Early Enterprises

Early EnterprisesAside from the mills, there have been other flourishing businesses in Glen Ridge throughout its history.

An 1890 map shows an “Ink Factory” on Midland Avenue where Carteret Street would eventually go through.  It is believed to have been one of Thomas Edison’s many enterprises, although the Edison National Historic Site has no information on it.  It is known, however, that on July 28, 1890, the Edison Lamp Company conveyed the property to the Edison General Electric Company.  It was known to oldtimers as the “torpedo factory” and is believed to have manufactured railroad flares at one time.  Former Borough Clerk James Brown, whose father was John Brown, the first Police Chief of Glen Ridge and a volunteer fireman, recalls his father’s tales of fighting a fire there which was especially spectacular because of the many highly flammable materials.  By 1906, a map indicates the site as “Ruins.”

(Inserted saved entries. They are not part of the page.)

(* Let $n\ge1$, $F_1,\dots,F_n:\mathbb{R}^d\to\mathbb{R}^d$, $F=\frac1n\sum_iF_i$, with $F$ $\mu$-strongly monotone ($\mu>0$) and each $F_i$ $L_i$-Lipschitz; let $z_*$ be the solution of $F(z_* )=0$, $L_{max}=\max_iL_i$, $\sigma_*^2=\frac1n\sum_i\|F_i(z_* )\|^2$. Consider the iterates $z_0^k$ of SEG-SO (defined in the context) started at $z_0$. 1. If $\gamma_2=2\gamma_1$ and $\gamma_1\le\frac{\mu}{10L_{max}^2\sqrt{10n^2+2n+54}}$, then $$\mathbb{E}\|z_0^k-z_*\|^2\le\Big(1-\frac{\gamma_1n\mu}{4}\Big)^k\|z_0-z_*\|^2+\frac{96L_{max}^2}{\mu^2}\big[(25+n)\gamma_1^2+\gamma_2^2\big]\sigma_*^2.$$ 2. If SEG-SO is run for $K$ epochs with $\gamma_2=2\gamma_1$ and $\gamma_1=\min\Big\{\frac{\mu}{10L_{max}^2\sqrt{10n^2+2n+54}},\frac{4\log(n^{1/2}K)}{\mu nK}\Big\}$, then $$\mathbb{E}\|z_0^K-z_*\|^2=\tilde{\mathcal{O}}\Big(e^{-\frac{\mu^2K}{L_{max}^2}}+\frac1{nK^2}\Big).$$
   Context: $\mu$-strongly monotone: $\langle F(z_1)-F(z_2),z_1-z_2\rangle\ge\mu\|z_1-z_2\|^2$. SEG-SO (shuffle once) with step sizes $\gamma_1,\gamma_2>0$: draw one permutation $\pi$ of $\{1,\dots,n\}$ uniformly at random at the start; set $z_0^0=z_0$; for each epoch $k=0,1,\dots$ and $i=0,\dots,n-1$ set $\bar z_i^k=z_i^k-\gamma_2F_{\pi_i}(z_i^k)$, $z_{i+1}^k=z_i^k-\gamma_1F_{\pi_i}(\bar z_i^k)$; then $z_0^{k+1}=z_n^k$. $\mathbb{E}$ is expectation over $\pi$. $\tilde{\mathcal{O}}$ suppresses constant and logarithmic factors. *)

From HB Require Import structures.
From mathcomp Require Import all_boot all_order all_fingroup all_algebra.
From mathcomp Require Import reals sequences exp.
Set Implicit Arguments. Unset Strict Implicit. Unset Printing Implicit Defensive.
Import Order.TTheory GRing.Theory Num.Theory.
Local Open Scope ring_scope.

Section SEG.
Variables (R : realType) (n d : nat).
Notation V := 'rV[R]_d.

Definition dotv (u v : V) : R := \sum_(j < d) u 0 j * v 0 j.
Definition sqnorm (v : V) : R := dotv v v.
Definition enorm (v : V) : R := Num.sqrt (sqnorm v).

Definition Favg (F : 'I_n -> V -> V) (z : V) : V :=
  n%:R^-1 *: \sum_(i < n) F i z.

Definition strongly_monotone (G : V -> V) (mu : R) : Prop :=
  forall z1 z2 : V, mu * sqnorm (z1 - z2) <= dotv (G z1 - G z2) (z1 - z2).

Definition lipschitz (G : V -> V) (L : R) : Prop :=
  forall z1 z2 : V, enorm (G z1 - G z2) <= L * enorm (z1 - z2).

Definition Lmax (L : 'I_n -> R) : R := \big[Num.max/0]_(i < n) L i.

Definition sigma2 (F : 'I_n -> V -> V) (zs : V) : R :=
  n%:R^-1 * \sum_(i < n) sqnorm (F i zs).

Definition seg_setting (F : 'I_n -> V -> V) (L : 'I_n -> R) (mu : R) (zs : V)
  : Prop :=
  [/\ (0 < n)%N, 0 < mu, strongly_monotone (Favg F) mu,
      (forall i, lipschitz (F i) (L i)) & Favg F zs = 0].

Definition seg_step (F : 'I_n -> V -> V) (g1 g2 : R) (j : 'I_n) (z : V) : V :=
  let zb := z - g2 *: F j z in z - g1 *: F j zb.

Definition seg_epoch (F : 'I_n -> V -> V) (g1 g2 : R) (pi : 'S_n) (z : V) : V :=
  foldl (fun z i => seg_step F g1 g2 (pi i) z) z (enum 'I_n).

(* z_0^k for SEG-SO: the permutation pi is drawn once and reused *)
Definition segso_iter (F : 'I_n -> V -> V) (g1 g2 : R) (pi : 'S_n) (z0 : V)
  (k : nat) : V := iter k (seg_epoch F g1 g2 pi) z0.

(* expectation over a uniformly random permutation pi of 'I_n *)
Definition Eperm (X : 'S_n -> R) : R :=
  (\sum_(pi : 'S_n) X pi) / #|{perm 'I_n}|%:R.

End SEG.

From mathcomp Require Import all_boot all_order all_fingroup all_algebra.
From mathcomp Require Import reals sequences exp.
From mathcomp Require Import ring lra zify.
Import Order.TTheory GRing.Theory Num.Theory.
Local Open Scope ring_scope.
Set Implicit Arguments. Unset Strict Implicit. Unset Printing Implicit Defensive.

(* Over one epoch, SEG with [gamma_2 = 2 gamma_1] moves [z_0] to
   [z_0 - gamma_1 n F(z_0)] (a deterministic step, contracting [|z_0 - z*|^2] by about
   [1 - 2 gamma_1 n mu] by strong monotonicity and Lipschitz continuity) plus an error controlled by
   the distances [|\bar z_j - z_0|^2] of the extrapolation points from the start of the epoch.
   These distances are bounded in terms of [|z_0 - z*|^2] and the prefix sums
   [sum_(l < j) F_(pi l)(z* )], which yields the one-epoch recursion
   [|z_0^(k+1) - z*|^2 <= (1 - gamma_1 n mu / 2) |z_0^k - z*|^2 + N(pi)].  It is unrolled for the
   fixed [pi] (the permutation is drawn only once) and averaged over [pi] only at the end: the
   prefix sums are sums without replacement from a centred population, so their mean square is at
   most [j sigma_*^2].  Part 2 is Part 1 with the contraction factor bounded by
   [exp(- gamma_1 n mu / 2)] and the tuned step size: when the first term of the minimum is active
   the exponential is small, otherwise [rho^K = 1 / (n K^2)]. *)

Lemma sum_const_ord (R : pzSemiRingType) (m : nat) (c : R) : \sum_(i < m) c = m%:R * c.
Proof. by rewrite sumr_const card_ord mulr_natl. Qed.

Lemma sum_ord_prefix_le (R : numDomainType) (f : nat -> R) (j m : nat) :
  (j <= m)%N -> (forall l, 0 <= f l) -> \sum_(l < j) f l <= \sum_(l < m) f l.
Proof.
move=> jm f_ge0; rewrite -!(big_mkord xpredT) (big_cat_nat (leq0n j) jm) /=.
by rewrite lerDl sumr_ge0.
Qed.

Section InnerProduct.
Variables (R : realType) (d : nat).
Implicit Types (u v w : 'rV[R]_d) (e k : R).

Lemma dotvC u v : dotv u v = dotv v u.
Proof. by apply: eq_bigr => j _; rewrite mulrC. Qed.

Lemma dotvDl u v w : dotv (u + v) w = dotv u w + dotv v w.
Proof. by rewrite /dotv -big_split; apply: eq_bigr => j _; rewrite mxE mulrDl. Qed.

Lemma dotvZl k u w : dotv (k *: u) w = k * dotv u w.
Proof. by rewrite /dotv mulr_sumr; apply: eq_bigr => j _; rewrite mxE mulrA. Qed.

Lemma dotvNl u w : dotv (- u) w = - dotv u w.
Proof. by rewrite -scaleN1r dotvZl mulN1r. Qed.

Lemma dotvDr u v w : dotv w (u + v) = dotv w u + dotv w v.
Proof. by rewrite dotvC dotvDl !(dotvC w). Qed.

Lemma dotvZr k u w : dotv w (k *: u) = k * dotv w u.
Proof. by rewrite dotvC dotvZl dotvC. Qed.

Lemma dotvNr u w : dotv w (- u) = - dotv w u.
Proof. by rewrite dotvC dotvNl dotvC. Qed.

Lemma dotv0l w : dotv 0 w = 0.
Proof. by rewrite -(scale0r 0) dotvZl mul0r. Qed.
Lemma tshift_inj k : injective (@tshift v k).
Proof.
move=> [[a b] c] [[a' b'] c'] [] Ea Eb Ec.
have addk_inj (x y : 'I_v) : x + k = y + k %[mod v] -> x = y.
  by move=> E; apply: (@padd_inj k); apply: val_inj.
by rewrite (addk_inj _ _ Ea) (addk_inj _ _ Eb) (addk_inj _ _ Ec).
Qed.

Lemma tshiftD k k' (t : trip v) : tshift k (tshift k' t) = tshift (k' + k) t.
Proof.
by case: t => [[a b] c]; congr (_, _, _); try congr (_, _);
  apply: val_inj => /=; rewrite modnDml addnA.
Qed.

Lemma tshift_modn k (t : trip v) : tshift (k %% v) t = tshift k t.
Proof.
by case: t => [[a b] c]; congr (_, _, _); try congr (_, _);
  apply: val_inj => /=; rewrite modnDmr.
Qed.

Lemma tshift0 (t : trip v) : tshift 0 t = t.
Proof.
by case: t => [[a b] c]; congr (_, _, _); try congr (_, _);
  apply: val_inj => /=; rewrite addn0 modn_small.
Qed.

Lemma tshiftK k (t : trip v) : tshift (v.-1 * k) (tshift k t) = t.
Proof. by rewrite tshiftD -mulSn prednK // -tshift_modn modnMr tshift0. Qed.

Lemma rot_tshift k (t : trip v) : rot (tshift k t) = tshift k (rot t).
Proof. by case: t => [[a b] c]. Qed.

Lemma rot3 (t : trip v) : rot (rot (rot t)) = t.
Proof. by case: t => [[a b] c]. Qed.

Lemma distinct3_tshift k (t : trip v) : distinct3 (tshift k t) = distinct3 t.
Proof. by case: t => [[a b] c] /=; rewrite !(inj_eq (@padd_inj k)). Qed.

Record shift_equivalence (e : rel (trip v)) : Prop := ShiftEquivalence {
  shift_eqv_refl : reflexive e;
  shift_eqv_sym : symmetric e;
  shift_eqv_trans : transitive e;
  shift_eqv_tshift : forall k t u, e (tshift k t) (tshift k u) = e t u }.

Lemma deqv_shift_equivalence : shift_equivalence (@deqv v).
Proof.
split; rewrite /deqv.
- by move=> t.
- by move=> t u; rewrite eq_sym.
- by move=> u t w /eqP-> /eqP->.
- by move=> k t u; rewrite (inj_eq (@tshift_inj k)).
Qed.

Lemma eq_rot_sym (u t : trip v) : (u == rot t) = (t == rot (rot u)).
Proof.
case: u => [[a b] c]; case: t => [[a' b'] c'] /=.
by apply/eqP/eqP => [[-> -> ->]|[-> -> ->]].
Qed.

Lemma ceqv_shift_equivalence : shift_equivalence (@ceqv v).
Proof.
split; rewrite /ceqv.
- by move=> t; rewrite eqxx.
- move=> t u; rewrite (eq_sym u t) (eq_rot_sym u t) -(eq_rot_sym t u).
  by case: (t == u); case: (t == rot (rot u)); case: (t == rot u).
- move=> u t w /or3P [/eqP->|/eqP->|/eqP->] /or3P [/eqP->|/eqP->|/eqP->];
    by rewrite ?rot3 ?eqxx ?orbT.
- by move=> k t u; rewrite !rot_tshift !(inj_eq (@tshift_inj k)).
Qed.

Definition shift_free (e : rel (trip v)) (g : trip v) :=
  forall k, e g (tshift k g) -> k %% v = 0.

Definition orbit_seq (g : trip v) := [seq tshift k g | k : 'I_v <- index_enum 'I_v].

Definition develop (bases : seq (trip v)) := flatten (map orbit_seq bases).

Lemma all_distinct3_develop bases :
  all (@distinct3 v) bases -> all (@distinct3 v) (develop bases).
Proof.
move=> /allP dB; apply/allP => t /flatten_mapP [B /dB dB'] /mapP [k _ ->].
by rewrite distinct3_tshift.
Qed.

Section Orbits.
Variable e : rel (trip v).
Hypothesis eE : shift_equivalence e.

Lemma torbitP t u : reflect (exists k, e (tshift k t) u) (u \in torbit e t).
Proof.
rewrite inE; apply: (iffP existsP) => [[k ek]|[k ek]]; first by exists k.
by exists (Ordinal (ltn_pmod k v_gt0)); rewrite /= tshift_modn.
Qed.

Lemma torbit_refl t : t \in torbit e t.
Proof. by apply/torbitP; exists 0; rewrite tshift0 (shift_eqv_refl eE). Qed.

Lemma torbit_eq t g : t \in torbit e g -> torbit e t = torbit e g.
Proof.
case/torbitP=> k ekt; apply/setP => u; apply/torbitP/torbitP => [[k' etu]|[k' egu]].
  exists (k + k'); apply: (shift_eqv_trans eE) etu.
  by rewrite -tshiftD (shift_eqv_tshift eE).
exists (k' + v.-1 * k); apply: (shift_eqv_trans eE) egu.
have -> : tshift k' g = tshift (k' + v.-1 * k) (tshift k g).
  by rewrite -{1}(tshiftK k g) !tshiftD (addnC k').
by rewrite (shift_eqv_tshift eE) (shift_eqv_sym eE).
Qed.

Lemma shift_free_eq g k k' :
  shift_free e g -> e (tshift k g) (tshift k' g) -> k = k' %[mod v].
Proof.
move=> free; rewrite -(shift_eqv_tshift eE (v.-1 * k)) tshiftK tshiftD => /free.
move=> free_k; have : (k' + v.-1 * k + k) %% v = k %% v by rewrite -modnDml free_k.
by rewrite -addnA -mulSnr prednK // addnC mulnC modnMDl.
Qed.

Lemma count_orbit_seq g t :
  shift_free e g -> count (e t) (orbit_seq g) = (t \in torbit e g).
Proof.
move=> free; rewrite count_map; case: (boolP (t \in torbit e g)) => [/torbitP [k0 ek0]|tg].
  rewrite (eq_count (a2 := pred1 (Ordinal (ltn_pmod k0 v_gt0)))).
    by rewrite (count_uniq_mem _ (index_enum_uniq _)) mem_index_enum.
  move=> k /=; apply/idP/eqP => [ek|->]; last by rewrite /= tshift_modn (shift_eqv_sym eE).
  apply: val_inj => /=; rewrite -(modn_small (ltn_ord k)).
  by apply: (shift_free_eq free); apply: (@shift_eqv_trans _ eE t); rewrite (shift_eqv_sym eE).
rewrite (eq_count (a2 := pred0)) ?count_pred0 // => k /=.
apply/negP => ek; case/negP: tg; apply/torbitP; exists k; by rewrite (shift_eqv_sym eE).
Qed.

Lemma count_orbit_seq_tshift g t :
  count (e (tshift 1 t)) (orbit_seq g) = count (e t) (orbit_seq g).
Proof.
rewrite !count_map -!sum1_count (reindex_inj (@padd_inj 1)) /=.
by apply: eq_bigl => k /=; rewrite tshift_modn -tshiftD (shift_eqv_tshift eE).
Qed.

Lemma mult_develop bases t :
  mult e (develop bases) t = \sum_(B <- bases) count (e t) (orbit_seq B).
Proof. by rewrite /mult /develop count_flatten sumnE !big_map. Qed.

Lemma mult_develop_tshift bases t :
  mult e (develop bases) (tshift 1 t) = mult e (develop bases) t.
Proof. by rewrite !mult_develop; apply: eq_bigr => B _; rewrite count_orbit_seq_tshift. Qed.

End Orbits.

Definition diff (p q : 'I_v) : nat := (q + v - p) %% v.

Lemma eqn_diff (p q x y : 'I_v) :
  (diff p q == diff x y) = ((q + x) %% v == (y + p) %% v).
Proof.
have [p_le x_le] := (ltnW (ltn_ord p), ltnW (ltn_ord x)).
rewrite /diff -(eqn_modDr (p + x)).
have -> : q + v - p + (p + x) = q + x + v by lia.
have -> : y + v - x + (p + x) = y + p + v by lia.
by rewrite !modnDr.
Qed.

Lemma diff_gt0 (x y : 'I_v) : x != y -> 0 < diff x y.
Proof.
move=> xy; rewrite lt0n; apply: contra xy => /eqP dxy0.
have : diff x x == diff x y by rewrite dxy0 /diff addKn modnn.
by rewrite eqn_diff eqn_modDr !modn_small.
Qed.

Lemma diff_ltn (x y : 'I_v) : diff x y < v.
Proof. exact: ltn_pmod. Qed.

Lemma diff_padd k (p q : 'I_v) : diff (padd k p) (padd k q) = diff p q.
Proof. by apply/eqP; rewrite eqn_diff /= modnDml modnDmr addnAC addnA. Qed.

(* Exactly one translate maps p to x, and it maps q to y iff the differences agree. *)
Lemma sum_padd_pair_eq (p q x y : 'I_v) :
  \sum_(k : 'I_v) ((padd k p, padd k q) == (x, y)) = (diff p q == diff x y).
Proof.
rewrite eqn_diff.
transitivity (\sum_(k : 'I_v) ((padd k p == x) * ((q + x) %% v == (y + p) %% v))).
  apply: eq_bigr => k _; rewrite xpair_eqE.
  case: (boolP (padd k p == x)) => [/eqP <-|] //=.
  rewrite -(inj_eq val_inj) /= mul1n modnDmr.
  rewrite -[X in _ == X](modn_small (ltn_ord y)) -(eqn_modDr p).
  by rewrite addnAC addnA.
rewrite -big_distrl /=.
suff -> : \sum_(k : 'I_v) (padd k p == x) = 1 by rewrite mul1n.
have paddC (k : 'I_v) : padd k p = padd p k by apply: val_inj; rewrite /= addnC.
under eq_bigr => k _ do rewrite paddC.
rewrite -(reindex_inj (@padd_inj p) (P := xpredT) (F := fun k => nat_of_bool (k == x))) /=.
by rewrite (bigD1 x) //= eqxx big1 // => k /negbTE ->.
Qed.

The Nevins-Church Press, located at 92 Midland Avenue at Adams Place, was purchased by Matthew J. Nevins and Theodore Church in 1902 from the Aristotype Company, which had been established in 1895 or earlier.  The press manufactured folding cartons such as Gillette Razor Blade boxes and labels such as H. J. Heinz labels.  The entire tract of land was bought in 1954 by the Adams Midland Corporation for housing development.  The factory was razed on September 17, 1954, and the business moved to Route #3, Clifton, where it is presently a division of Union Camp Corporation.

Just north of the Nevins-Church Press within the same block was John Rassbach and Son, Florists.  Recorded as the first florist in Essex County, John Rassbach had come to the United States from Germany in 1853, working on a farm on Orange Road.  In 1862, he bought five acres of land on Midland Avenue for $1,000, where be built his home, and later built greenhouses along the Maolis Avenue side of his property.  The Rassbach’s business became so successful that they also opened a florist shop in Bloomfield Center.

At the back of the property at the southwest intersection of Ridgewood Avenue and Linden Avenue, Robert Johnstone developed his synthetic chicle in the early 1900’s.  The brand name was Mo-Jo and was a rubber by-product extended with chicle.  The two-story cement building had a water tower and was surrounded by a nine or ten-foot wall as a precaution against flammable materials used in the manufacturing process.  At Robert Johnstone’s death, the secret process was lost, and the buildings were torn down in 1934.

The Glen Ridge Quarry and Mining Company, probably formed in the mid-1880’s, occupied the area where Central School and playground are now.  Copper ore had been mined there, possibly as early as 1746.  Tools found in the old mine were given to the New Jersey Historical Society by Herman Cadmus, whose family owned the property for several generations.  Several hundred tons of low grade copper ore were mined by the Glen Ridge Quarry and Mining Company and shipped by the Morris Canal to the Oxford Copper Company in Jersey City where it was processed.  Samples of this ore are still owned by the Mitchell family, whose forebears were important members of the early community.

However, the product more readily associated with the quarry is the red sandstone found in a number of buildings in this area, such as the Wilde-Rudd house at 276 Ridgewood Avenue, the Midlantic Bank, Lackawanna Station, part of Christ Church, and the foundations of many Glen Ridge homes.